— Data extract —

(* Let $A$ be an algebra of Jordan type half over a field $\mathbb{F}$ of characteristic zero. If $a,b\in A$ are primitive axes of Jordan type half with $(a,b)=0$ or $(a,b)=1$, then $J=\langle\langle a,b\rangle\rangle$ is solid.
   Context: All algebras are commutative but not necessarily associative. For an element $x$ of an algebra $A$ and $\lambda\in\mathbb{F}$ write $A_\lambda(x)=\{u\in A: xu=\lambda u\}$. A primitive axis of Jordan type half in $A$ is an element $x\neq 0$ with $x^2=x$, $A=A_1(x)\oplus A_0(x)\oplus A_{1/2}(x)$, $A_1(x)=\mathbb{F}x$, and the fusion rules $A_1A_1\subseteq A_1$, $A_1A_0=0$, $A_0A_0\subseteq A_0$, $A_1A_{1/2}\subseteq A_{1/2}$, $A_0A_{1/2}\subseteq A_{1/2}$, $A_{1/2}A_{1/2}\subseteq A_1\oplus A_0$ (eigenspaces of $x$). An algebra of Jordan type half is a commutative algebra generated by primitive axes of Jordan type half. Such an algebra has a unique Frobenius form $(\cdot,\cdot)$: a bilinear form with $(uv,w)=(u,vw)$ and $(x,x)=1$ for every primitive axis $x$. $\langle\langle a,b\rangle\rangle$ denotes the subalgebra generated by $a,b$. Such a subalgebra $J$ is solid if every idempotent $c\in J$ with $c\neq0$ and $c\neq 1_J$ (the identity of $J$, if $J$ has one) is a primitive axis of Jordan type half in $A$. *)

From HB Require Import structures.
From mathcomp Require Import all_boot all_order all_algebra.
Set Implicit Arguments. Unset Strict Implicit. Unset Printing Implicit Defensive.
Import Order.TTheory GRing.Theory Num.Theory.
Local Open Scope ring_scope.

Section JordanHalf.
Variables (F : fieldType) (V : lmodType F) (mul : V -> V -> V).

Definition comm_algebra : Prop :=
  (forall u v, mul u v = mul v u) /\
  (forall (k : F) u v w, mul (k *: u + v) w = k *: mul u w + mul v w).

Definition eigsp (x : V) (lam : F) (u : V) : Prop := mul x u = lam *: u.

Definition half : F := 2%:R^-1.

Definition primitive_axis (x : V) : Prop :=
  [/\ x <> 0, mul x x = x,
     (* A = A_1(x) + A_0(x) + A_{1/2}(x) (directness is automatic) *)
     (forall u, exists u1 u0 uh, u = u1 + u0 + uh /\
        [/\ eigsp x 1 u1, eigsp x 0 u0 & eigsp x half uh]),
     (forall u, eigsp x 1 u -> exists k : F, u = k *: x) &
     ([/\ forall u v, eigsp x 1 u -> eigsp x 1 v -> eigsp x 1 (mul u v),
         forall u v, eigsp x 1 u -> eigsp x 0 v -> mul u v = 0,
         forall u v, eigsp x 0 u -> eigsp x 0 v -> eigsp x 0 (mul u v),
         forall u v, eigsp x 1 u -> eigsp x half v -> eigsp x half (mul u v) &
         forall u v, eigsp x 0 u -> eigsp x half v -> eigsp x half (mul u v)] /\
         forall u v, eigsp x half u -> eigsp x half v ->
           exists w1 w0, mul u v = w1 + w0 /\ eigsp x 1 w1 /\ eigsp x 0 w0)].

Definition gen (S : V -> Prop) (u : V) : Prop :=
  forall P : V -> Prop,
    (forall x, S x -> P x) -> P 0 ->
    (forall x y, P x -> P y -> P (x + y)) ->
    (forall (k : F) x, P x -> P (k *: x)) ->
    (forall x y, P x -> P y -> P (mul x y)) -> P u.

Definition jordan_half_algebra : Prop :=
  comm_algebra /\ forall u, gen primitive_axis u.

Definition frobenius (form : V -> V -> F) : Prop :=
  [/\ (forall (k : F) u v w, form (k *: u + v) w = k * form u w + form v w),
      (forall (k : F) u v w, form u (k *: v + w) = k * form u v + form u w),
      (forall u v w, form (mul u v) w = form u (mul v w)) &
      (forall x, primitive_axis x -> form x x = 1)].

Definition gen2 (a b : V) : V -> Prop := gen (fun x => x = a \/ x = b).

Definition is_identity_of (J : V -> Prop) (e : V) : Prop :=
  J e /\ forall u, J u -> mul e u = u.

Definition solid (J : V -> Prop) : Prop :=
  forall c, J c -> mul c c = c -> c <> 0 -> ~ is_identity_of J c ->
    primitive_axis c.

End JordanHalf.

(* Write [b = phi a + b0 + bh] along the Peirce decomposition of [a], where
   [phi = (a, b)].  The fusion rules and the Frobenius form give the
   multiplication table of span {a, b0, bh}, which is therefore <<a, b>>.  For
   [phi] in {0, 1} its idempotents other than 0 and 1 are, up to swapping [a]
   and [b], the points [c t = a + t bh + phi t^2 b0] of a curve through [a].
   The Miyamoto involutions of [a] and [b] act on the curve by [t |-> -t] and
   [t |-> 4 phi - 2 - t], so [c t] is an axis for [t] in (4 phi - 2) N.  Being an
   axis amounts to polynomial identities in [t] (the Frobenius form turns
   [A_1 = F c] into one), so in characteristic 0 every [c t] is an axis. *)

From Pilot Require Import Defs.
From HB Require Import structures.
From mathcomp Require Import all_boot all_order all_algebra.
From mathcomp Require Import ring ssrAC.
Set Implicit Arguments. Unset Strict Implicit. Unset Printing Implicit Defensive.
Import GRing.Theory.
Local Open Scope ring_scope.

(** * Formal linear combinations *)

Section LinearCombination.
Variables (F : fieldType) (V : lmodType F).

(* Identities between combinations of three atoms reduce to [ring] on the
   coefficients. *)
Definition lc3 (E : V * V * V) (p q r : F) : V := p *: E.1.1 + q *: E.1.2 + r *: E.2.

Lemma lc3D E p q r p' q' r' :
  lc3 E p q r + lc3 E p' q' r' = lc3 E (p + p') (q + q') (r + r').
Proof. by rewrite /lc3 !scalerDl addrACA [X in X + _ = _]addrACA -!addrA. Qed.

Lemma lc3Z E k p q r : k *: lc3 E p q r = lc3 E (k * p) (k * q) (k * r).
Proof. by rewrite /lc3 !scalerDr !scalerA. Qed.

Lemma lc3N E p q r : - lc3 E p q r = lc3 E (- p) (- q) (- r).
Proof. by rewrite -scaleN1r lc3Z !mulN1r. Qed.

— About this exercise —
Reproduce only the lines above, starting at the line with "Section JordanHalf." and ending at the line with "Definition eigsp (x", exactly as written.

— Result of this task —
Section JordanHalf.
Variables (F : fieldType) (V : lmodType F) (mul : V -> V -> V).

Definition comm_algebra : Prop :=
  (forall u v, mul u v = mul v u) /\
  (forall (k : F) u v w, mul (k *: u + v) w = k *: mul u w + mul v w).

Definition eigsp (x : V) (lam : F) (u : V) : Prop := mul x u = lam *: u.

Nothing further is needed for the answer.